Available data:
* * * * * * * * *

(* For every $n\geq 1$, there are at least $2^{2^n-1}$ $n$-cube unique sink orientations that have property L.
   Context: For sets $U,V$ let $U\oplus V=(U\cup V)\setminus(U\cap V)$ and $[U,W]=\{X:U\subseteq X\subseteq W\}$. An $n$-cube orientation is a directed graph $\mathcal{O}$ on vertex set $[\emptyset,[n]]$ (all subsets of $[n]=\{1,\dots,n\}$) containing, for every vertex $V$ and every $i\in[n]$, exactly one of the directed edges $(V,V\oplus\{i\})$, $(V\oplus\{i\},V)$. Its outmap is $\phi_{\mathcal{O}}(V)=\{i: (V,V\oplus\{i\})\in\mathcal{O}\}$. For a vertex $V$, the L-graph $\mathcal{L}_{\mathcal{O}}(V)$ has vertex set $[n]\setminus V$ and an arc $(i,j)$ for distinct $i,j\notin V$ whenever $j\in\phi_{\mathcal{O}}(V)\oplus\phi_{\mathcal{O}}(V\cup\{i\})$. $\mathcal{O}$ has property L if all its L-graphs are acyclic. A face is the subgraph induced by an interval $[U,W]$ of vertices; $\mathcal{O}$ is a unique sink orientation (USO) if every face has exactly one sink (vertex with no outgoing edge within the face). *)

From mathcomp Require Import all_boot.
Set Implicit Arguments. Unset Strict Implicit. Unset Printing Implicit Defensive.

(* Vertices of the n-cube: subsets of [n], encoded as {set 'I_n}. *)
Notation vtx n := {set 'I_n}.

Definition symd (n : nat) (U V : vtx n) : vtx n := (U :|: V) :\: (U :&: V).

Definition digraph (n : nat) := {set (vtx n * vtx n)}.

Definition is_orientation (n : nat) (O : digraph n) : bool :=
  [forall e in O, exists i : 'I_n, e.2 == symd e.1 [set i]] &&
  [forall V : vtx n, forall i : 'I_n,
     ((V, symd V [set i]) \in O) (+) ((symd V [set i], V) \in O)].

Definition outmap (n : nat) (O : digraph n) (V : vtx n) : vtx n :=
  [set i | (V, symd V [set i]) \in O].

Definition Lgraph_arc (n : nat) (O : digraph n) (V : vtx n) : rel 'I_n :=
  fun i j => [&& i \notin V, j \notin V, i != j &
     j \in symd (outmap O V) (outmap O (V :|: [set i]))].

Definition acyclic (T : eqType) (r : rel T) : Prop :=
  ~ exists s : seq T, s != [::] /\ cycle r s.

Definition property_L (n : nat) (O : digraph n) : Prop :=
  forall V : vtx n, acyclic (Lgraph_arc O V).

Definition in_interval (n : nat) (U W X : vtx n) : bool :=
  (U \subset X) && (X \subset W).

Definition is_face_sink (n : nat) (O : digraph n) (U W X : vtx n) : bool :=
  in_interval U W X &&
  [forall Y : vtx n, in_interval U W Y ==> ((X, Y) \notin O)].

Definition is_USO (n : nat) (O : digraph n) : Prop :=
  is_orientation O /\
  forall U W : vtx n, U \subset W ->
    #|[set X : vtx n | is_face_sink O U W X]| = 1.

From mathcomp Require Import all_boot.
Set Implicit Arguments. Unset Strict Implicit. Unset Printing Implicit Defensive.

(** Orient the [i]-edges of the cube by a rule [d V i] (true: towards the
    endpoint containing [i]) that only reads the coordinates of [V] below [i].
    Every face sink is then the unique solution of a triangular system, which
    is solved coordinate by coordinate, so the orientation is a USO; and an
    arc [(i, j)] of an L-graph needs [d] to depend on coordinate [i] at
    coordinate [j], forcing [i < j], so the L-graphs are acyclic.  Choosing
    [d V i] freely for each of the [2^n - 1] nonempty traces
    [(V \cap [0, i)) \cup {i}] gives [2^(2^n - 1)] distinct such orientations. *)

Section LowerDependence.
Variable n : nat.

Lemma in_symd (U V : vtx n) x : (x \in symd U V) = (x \in U) (+) (x \in V).
Proof. by rewrite /symd !inE; case: (x \in U); case: (x \in V). Qed.

Lemma symd1_inj (V : vtx n) : injective (fun i => symd V [set i]).
Proof.
move=> i j /setP /(_ i); rewrite !in_symd !inE eqxx.
by case: (i \in V); case: eqP => //= ->.
Qed.

Lemma symd1K (V : vtx n) i : symd (symd V [set i]) [set i] = V.
Proof. by apply/setP=> x; rewrite !in_symd; case: (x \in V); case: (x \in _). Qed.

Definition lower_dep (g : vtx n -> 'I_n -> bool) : Prop :=
  forall (V V' : vtx n) (i : 'I_n),
  (forall j : 'I_n, j < i -> (j \in V) = (j \in V')) -> g V i = g V' i.

Lemma lower_dep_symd1 g (V : vtx n) (i : 'I_n) :
  lower_dep g -> g (symd V [set i]) i = g V i.
Proof.
move=> gP; apply: gP => j ji; rewrite in_symd inE.
by rewrite (_ : (j == i) = false) ?addbF //; apply/eqP=> ji'; rewrite ji' ltnn in ji.
Qed.

Lemma lower_dep_setU1 g (V : vtx n) (i j : 'I_n) :
  lower_dep g -> j < i -> g (V :|: [set i]) j = g V j.
Proof.
move=> gP ji; apply: gP => k kj; rewrite !inE.
by rewrite (_ : (k == i) = false) ?orbF //; apply/eqP=> ki; rewrite ki ltnNge ltnW in kj.
Qed.

Section TriangularSystem.
Variables (g : vtx n -> 'I_n -> bool) (gP : lower_dep g).

Definition solves (X : vtx n) : bool := [forall i, (i \in X) == g X i].

Lemma solves_uniq (X Y : vtx n) : solves X -> solves Y -> X = Y.
Proof.
move=> /forallP sX /forallP sY.
suff agree m (i : 'I_n) : i < m -> (i \in X) = (i \in Y).
  by apply/setP=> i; apply: (agree n).
elim: m i => // m IH i; rewrite ltnS leq_eqVlt => /predU1P [im | /IH //].
rewrite (eqP (sX i)) (eqP (sY i)); apply: gP => j; rewrite im; exact: IH.
Qed.

Fixpoint solve_upto (k : nat) : vtx n :=
  if k is k'.+1 then
    solve_upto k' :|: [set i : 'I_n | (val i == k') && g (solve_upto k') i]
  else set0.

Lemma mem_solve_upto k (i : 'I_n) :
  (i \in solve_upto k) = (i < k) && g (solve_upto i) i.
Proof.
elim: k => [|k IH] /=; first by rewrite inE.
rewrite !inE IH ltnS.
by case: (ltngtP i k) => ik //=; rewrite ?orbF ?andbF // -ik.
Qed.

Lemma solves_solve_upto : solves (solve_upto n).
Proof.
apply/forallP=> i; rewrite mem_solve_upto ltn_ord /=.
by apply/eqP/gP=> j ji; rewrite !mem_solve_upto ji ltn_ord.
Qed.

Lemma card_solves : #|[set X | solves X]| = 1.
Proof.
rewrite (_ : [set X | solves X] = [set solve_upto n]) ?cards1 //.
apply/setP=> X; rewrite !inE; apply/idP/eqP => [sX | ->].
  exact: solves_uniq sX solves_solve_upto.
exact: solves_solve_upto.
Qed.

End TriangularSystem.

Section OrientBy.
Variables (d : vtx n -> 'I_n -> bool) (dP : lower_dep d).

Definition orient_by : digraph n :=
  [set e | [exists i, (e.2 == symd e.1 [set i]) && (d e.1 i == (i \notin e.1))]].

Lemma mem_orient_by (V : vtx n) (i : 'I_n) :
  ((V, symd V [set i]) \in orient_by) = (d V i == (i \notin V)).
Proof.
rewrite inE /=; apply/existsP/idP => [[j /andP [/eqP /symd1_inj <- //]] | dV].
by exists i; rewrite eqxx.
Qed.

Lemma outmap_orient_by (V : vtx n) : outmap orient_by V = [set i | d V i == (i \notin V)].
Proof. by apply/setP=> i; rewrite /outmap [in LHS]inE mem_orient_by inE. Qed.

Lemma orient_by_is_orientation : is_orientation orient_by.
Proof.
apply/andP; split.
  apply/forallP=> e; apply/implyP; rewrite inE => /existsP [i /andP [ei _]].
  by apply/existsP; exists i.
apply/forallP=> V; apply/forallP=> i.
have := mem_orient_by (symd V [set i]) i.
rewrite symd1K => ->; rewrite mem_orient_by lower_dep_symd1 // in_symd inE eqxx.
by case: (d V i); case: (i \in V).
Qed.

Lemma Lgraph_arc_orient_by (V : vtx n) (i j : 'I_n) : Lgraph_arc orient_by V i j -> i < j.
Proof.
case/and4P=> _ _ ij; rewrite !outmap_orient_by in_symd !inE.
case: (ltngtP i j) => // ji; last by case/eqP: ij; apply: val_inj.
by rewrite lower_dep_setU1 // (eq_sym j i) (negbTE ij) orbF addbb.
Qed.

Lemma orient_by_property_L : property_L orient_by.
Proof.
move=> V [[| x s] [// _ /= xs]].
have lt_trans : transitive (fun a b : 'I_n => a < b) by move=> ? ? ?; apply: ltn_trans.
have /(order_path_min lt_trans)/allP/(_ x) : path (fun a b : 'I_n => a < b) x (rcons s x).
  by apply: sub_path xs => a b; apply: Lgraph_arc_orient_by.
by rewrite mem_rcons mem_head ltnn => /(_ isT).
Qed.

Section Face.
Variables U W : vtx n.
Hypothesis UW : U \subset W.

Definition sink_rule (X : vtx n) (i : 'I_n) : bool :=
  if i \in W :\: U then d X i else i \in U.

Lemma lower_dep_sink_rule : lower_dep sink_rule.
Proof. by move=> V V' i VV'; rewrite /sink_rule (dP VV'). Qed.

Lemma solves_sink_rule_interval (X : vtx n) : solves sink_rule X -> in_interval U W X.
Proof.
move=> /forallP sX; have {}sX i : (i \in X) = sink_rule X i by apply/eqP.
apply/andP; split; apply/subsetP=> x; rewrite sX /sink_rule inE.
  by move=> xU; rewrite xU.
by case: ifP => [/andP [_ ->] // | _ /(subsetP UW)].
Qed.

Lemma face_sinkE (X : vtx n) : is_face_sink orient_by U W X = solves sink_rule X.
Proof.
rewrite /is_face_sink; apply/idP/idP => [/andP [/andP [UX XW] noOut] | sX].
  apply/forallP=> i; rewrite /sink_rule inE.
  case: (boolP (i \in U)) => [iU | iNU]; first by rewrite (subsetP UX).
  case: (boolP (i \in W)) => [iW | iNW] /=; last first.
    by apply/eqP/negbTE; apply: contra iNW; apply: (subsetP XW).
  have Xi_in : in_interval U W (symd X [set i]).
    apply/andP; split; apply/subsetP=> x; rewrite ?in_symd inE.
      by move=> xU; rewrite (subsetP UX) //; case: eqP xU => // ->; rewrite (negbTE iNU).
    by case: eqP => [-> // | _]; rewrite addbF; apply: (subsetP XW).
  move/forallP/(_ (symd X [set i])): noOut; rewrite Xi_in mem_orient_by.
  by case: (d X i); case: (i \in X).
rewrite solves_sink_rule_interval //=; apply/forallP=> Y; apply/implyP=> /andP [UY YW].
move/forallP: sX => sX; rewrite inE; apply/existsP=> -[i /andP [/eqP /= Yi dXi]].
move: (sX i) UY YW; rewrite Yi /sink_rule inE.
case: (boolP (i \in U)) => [iU | iNU] /=.
  by move=> /eqP Xi /subsetP/(_ i iU); rewrite in_symd inE eqxx Xi.
case: (boolP (i \in W)) => [iW | iNW] /= /eqP Xi.
  by move: dXi; rewrite Xi; case: (d X i).
by move=> _ /subsetP/(_ i); rewrite in_symd inE eqxx Xi => /(_ isT); apply/negP.
Qed.

End Face.

Lemma orient_by_USO : is_USO orient_by.
Proof.
split; first exact: orient_by_is_orientation.
move=> U W UW; rewrite -(card_solves (lower_dep_sink_rule U W)).
by congr #|pred_of_set _|; apply/setP=> X; rewrite !inE face_sinkE.
Qed.

End OrientBy.

Lemma orient_by_inj d d' : orient_by d = orient_by d' -> d =2 d'.
Proof.
move=> dd' V i; have := mem_orient_by d' V i.
by rewrite -dd' mem_orient_by; case: (d V i); case: (d' V i); case: (i \in V).
Qed.

End LowerDependence.

Section TableRules.
Variable n : nat.

Definition nonempty_set := {B : {set 'I_n} | B != set0}.

Lemma card_nonempty_set : #|{: nonempty_set}| = 2 ^ n - 1.
Proof.
rewrite card_sig (eq_card (B := predC1 set0)) // cardC1 subn1.
by rewrite -cardsT -powersetT card_powerset cardsT card_ord.
Qed.

Definition lower_trace (V : vtx n) (i : 'I_n) : vtx n :=
  [set j in V | j < i] :|: [set i].

Definition table_rule (f : {ffun nonempty_set -> bool}) (V : vtx n) i : bool :=
  if insub (lower_trace V i) is Some B then f B else false.

Lemma lower_dep_table_rule f : lower_dep (table_rule f).
Proof.
move=> V V' i VV'; rewrite /table_rule (_ : lower_trace V i = lower_trace V' i) //.
by apply/setP=> j; rewrite !inE; case: (ltnP j i) => [/VV' -> | _]; rewrite ?andbF.
Qed.

Lemma table_rule_inj f f' : table_rule f =2 table_rule f' -> f = f'.
Proof.
move=> ff'; apply/ffunP=> B; have [i0 i0B] := set0Pn _ (valP B).
case: (arg_maxnP (fun j : 'I_n => val j) i0B) => i iB iMax.
have traceB : lower_trace (val B) i = val B.
  apply/setP=> j; rewrite !inE; case: (eqVneq j i) => [-> | ji].
    by rewrite orbT; apply/esym/iB.
  rewrite orbF andb_idr // => jB.
  by rewrite ltn_neqAle (inj_eq val_inj) ji; apply: iMax.
by move: (ff' (val B) i); rewrite /table_rule traceB valK.
Qed.

End TableRules.

Theorem theorem3p5 (n : nat) (hn : 1 <= n) :
  exists S : seq (digraph n),
    uniq S /\ 2 ^ (2 ^ n - 1) <= size S /\
    (forall O, O \in S -> is_USO O /\ property_L O).
Proof.
exists [seq orient_by (table_rule f) | f : {ffun nonempty_set n -> bool}].
split.
  rewrite map_inj_uniq ?enum_uniq // => f f' /orient_by_inj ff'.
  exact: table_rule_inj.
split; first by rewrite size_map -cardE card_ffun card_bool card_nonempty_set.
move=> _ /mapP [f _ ->]; split.
  exact/orient_by_USO/lower_dep_table_rule.
exact/orient_by_property_L/lower_dep_table_rule.
Qed.
Lemma fk_correlation Rl Sl :
  (\sum_(B in powerset active_edges) fk_measure B * cluster_moment Rl B) *
  (\sum_(B in powerset active_edges) fk_measure B * cluster_moment Sl B) <=
  (\sum_(B in powerset active_edges) fk_measure B * cluster_moment (Rl ++ Sl) B) *
  \sum_(B in powerset active_edges) fk_measure B.
Proof.
apply: le_trans (fkg_inequality fk_measure_positive fk_measure_ratio_monotone
  (cluster_moment_nondecreasing Rl) (cluster_moment_nondecreasing Sl)) _.
apply/ler_wpM2r/ler_sum => [|B]; first exact/ltW/sumr_powerset_gt0/fk_measure_positive.
rewrite powersetE => sB; apply/ler_wpM2l; first exact/ltW/fk_measure_positive.
rewrite /cluster_moment map_cat.
by apply: list_moment_cat; [exact: moment_spin_ge0 | exact: moment_spin_supermul].
Qed.

End FKRepresentation.

Lemma ler_mean_prod (R : numFieldType) (x y z a : R) :
  x * y <= z * a -> 0 < a -> x / a * (y / a) <= z / a.
Proof.
move=> xy_le a_gt0; rewrite mulrACA -invfM ler_pdivrMr ?mulr_gt0 //.
by rewrite mulrA divfK ?gt_eqF.
Qed.

Theorem theorem2 (R : realType) (q n : nat) (hq : (2 <= q)%N) (hn : (1 <= n)%N)
  (J : {set 'I_n} -> R) (hJ : forall A : {set 'I_n}, (1 < #|A|)%N -> 0 <= J A)
  (Rl Sl : seq 'I_n) :
  0 <= @expect R q n J (fun g => @sigmaL R q n Rl g * @sigmaL R q n Sl g)
       - @expect R q n J (@sigmaL R q n Rl) * @expect R q n J (@sigmaL R q n Sl).
Proof.
have q_gt0 : (0 < q)%N by apply: leq_trans hq.
rewrite expect_sigmaL_mul !(expect_fk q_gt0 hJ) subr_ge0.
apply: ler_mean_prod; first by apply: fk_correlation.
by apply: sumr_powerset_gt0; apply: fk_measure_positive.
Qed.
Lemma end_homogeneous_filter (T C : eqType) (c : seq T -> C) s ps c0 :
  end_homogeneous c s ps ->
  homogeneous c s.+1 (unzip1 [seq p <- ps | p.2 == c0]) c0.
Proof.
elim: ps => [|[y col] ps IHps] /=; first by move=> _ [].
move=> [hom_y /IHps hom_ps] [|x t] //=.
case: eqP => [col_c0|_] /=; last exact: hom_ps.
subst col; case: eqP => [->|_]; last exact: hom_ps.
move=> sub_t [size_t]; apply: hom_y size_t; apply: subseq_trans sub_t _.
exact/map_subseq/filter_subseq.
Qed.

Definition ramsey_property s m (C : finType) :=
  exists N, forall (T : eqType) (c : seq T -> C) (S : seq T), N <= size S ->
    exists H c0, [/\ subseq H S, size H = m & homogeneous c s H c0].

Lemma ramsey0 m C : ramsey_property 0 m C.
Proof.
exists m => T c S le_mS; exists (take m S), (c [::]); split.
- exact: take_subseq.
- exact: size_takel.
- by move=> t _ /size0nil ->.
Qed.

Lemma end_homogeneous_chain s (C : finType) :
    (forall m, ramsey_property s m C) ->
  forall L, exists N, forall (T : eqType) (c : seq T -> C) (S : seq T), N <= size S ->
    exists ps : seq (T * C),
      [/\ size ps = L, subseq (unzip1 ps) S & end_homogeneous c s ps].
Proof.
move=> ramsey_s; elim=> [|L [NL chainL]].
  by exists 0 => T c S _; exists [::]; split; rewrite ?sub0seq.
have [N ramseyN] := ramsey_s NL.
exists N.+1 => T c [|x S] //= le_NS.
have [H [c0 [sub_H size_H hom_H]]] := ramseyN T (fun t => c (x :: t)) S le_NS.
have [ps [size_ps sub_ps hom_ps]] := chainL T c H (eq_leq (esym size_H)).
exists ((x, c0) :: ps); split => /=.
- by rewrite size_ps.
- by rewrite eqxx (subseq_trans sub_ps).
- by split=> //; apply: homogeneous_subseq hom_H.
Qed.

Theorem ramsey s m (C : finType) : ramsey_property s m C.
Proof.
elim: s m => [|s IHs] m; first exact: ramsey0.
have [N chainN] := end_homogeneous_chain IHs (#|C| * m).
exists N => T c S le_NS.
have [ps [size_ps sub_ps hom_ps]] := chainN T c S le_NS.
have C_gt0 : 0 < #|C| by apply/card_gt0P; exists (c [::]).
have [|c0] := @pigeonhole C (unzip2 ps) m C_gt0; first by rewrite size_map size_ps.
rewrite count_map -size_filter => le_m.
exists (take m (unzip1 [seq p <- ps | p.2 == c0])), c0; split.
- apply: subseq_trans (take_subseq _ _) (subseq_trans _ sub_ps).
  exact/map_subseq/filter_subseq.
- by rewrite size_takel // size_map.
- exact/(homogeneous_subseq (take_subseq _ _))/end_homogeneous_filter.
Qed.

Lemma count_leq_lt (s : seq nat) i i' :
  i < i' -> i' \in s -> count (fun p => p <= i) s < count (fun p => p <= i') s.
Proof.
move=> lt_ii'; elim: s => //= p s IHs; rewrite inE.
have le_count : count (fun p => p <= i) s <= count (fun p => p <= i') s.
  by apply: sub_count => q /= /leq_trans; apply; apply: ltnW.
case/orP => [/eqP <-|/IHs lt_count].
  by rewrite leqnn [i' <= i]leqNgt lt_ii' add1n ltnS.
by case: (leqP p i) => [le_pi|_]; rewrite ?(leq_trans le_pi (ltnW lt_ii')) /=; lia.
Qed.

Lemma count_leq_nth (s : seq nat) l :
  sorted ltn s -> l < size s -> count (fun p => p <= nth 0 s l) s = l.+1.
Proof.
elim: s l => [|q s IHs] l //= s_sorted.
have q_lt : all (ltn q) s := order_path_min ltn_trans s_sorted.
case: l => [|l] /= lt_ls.
  rewrite leqnn (eq_in_count (a2 := pred0)) ?count_pred0 // => p /(allP q_lt) /= lt_qp.
  by rewrite leqNgt lt_qp.
have /(allP q_lt) /ltnW -> : nth 0 s l \in s by apply: mem_nth.
by rewrite IHs // (path_sorted s_sorted).
Qed.

Section Slots.
Variables (a k : nat) (P xs : seq nat).
Hypotheses (xs_sorted : sorted ltn xs) (size_P : size P = size xs)
  (xs_lt : {in xs, forall j, j < a}).

Definition rank i := count (fun p => p <= i) P.

Definition block l := if l is l'.+1 then (nth 0 xs l').+1 else 0.

(* Blocks have length [k.+1]; their starts, which will host the left vertices,
   are hit exactly by the positions in [P]. *)
Definition slot i := block (rank i) * k.+1 + (if i \in P then 0 else i.+1).

Lemma rank_le_size i : rank i <= size xs.
Proof. by rewrite -size_P count_size. Qed.

Lemma rank_mono i i' : i <= i' -> rank i <= rank i'.
Proof. by move=> le_ii'; apply: sub_count => q /= /leq_trans; apply. Qed.

Lemma rank_lt i i' : i < i' -> i' \in P -> rank i < rank i'.
Proof. exact: count_leq_lt. Qed.

Lemma block_lt l l' : l < l' -> l' <= size xs -> block l < block l'.
Proof.
case: l' => // l'; case: l => // l; rewrite !ltnS => lt_ll' lt_l'.
by rewrite (sorted_ltn_nth ltn_trans) // inE (ltn_trans lt_ll').
Qed.

Lemma block_le l : l <= size xs -> block l <= a.
Proof. by case: l => // l lt_l; apply/xs_lt/mem_nth. Qed.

* * * * * * * * *

Task instructions: Above are the entries. Output exactly the lines beginning with the line that has "((V, symd V [set i]) \in orient_by)" and ending with the line that has "Proof. by apply/setP=> i;".

Answer below:
  ((V, symd V [set i]) \in orient_by) = (d V i == (i \notin V)).
Proof.
rewrite inE /=; apply/existsP/idP => [[j /andP [/eqP /symd1_inj <- //]] | dV].
by exists i; rewrite eqxx.
Qed.

Lemma outmap_orient_by (V : vtx n) : outmap orient_by V = [set i | d V i == (i \notin V)].
Proof. by apply/setP=> i; rewrite /outmap [in LHS]inE mem_orient_by inE. Qed.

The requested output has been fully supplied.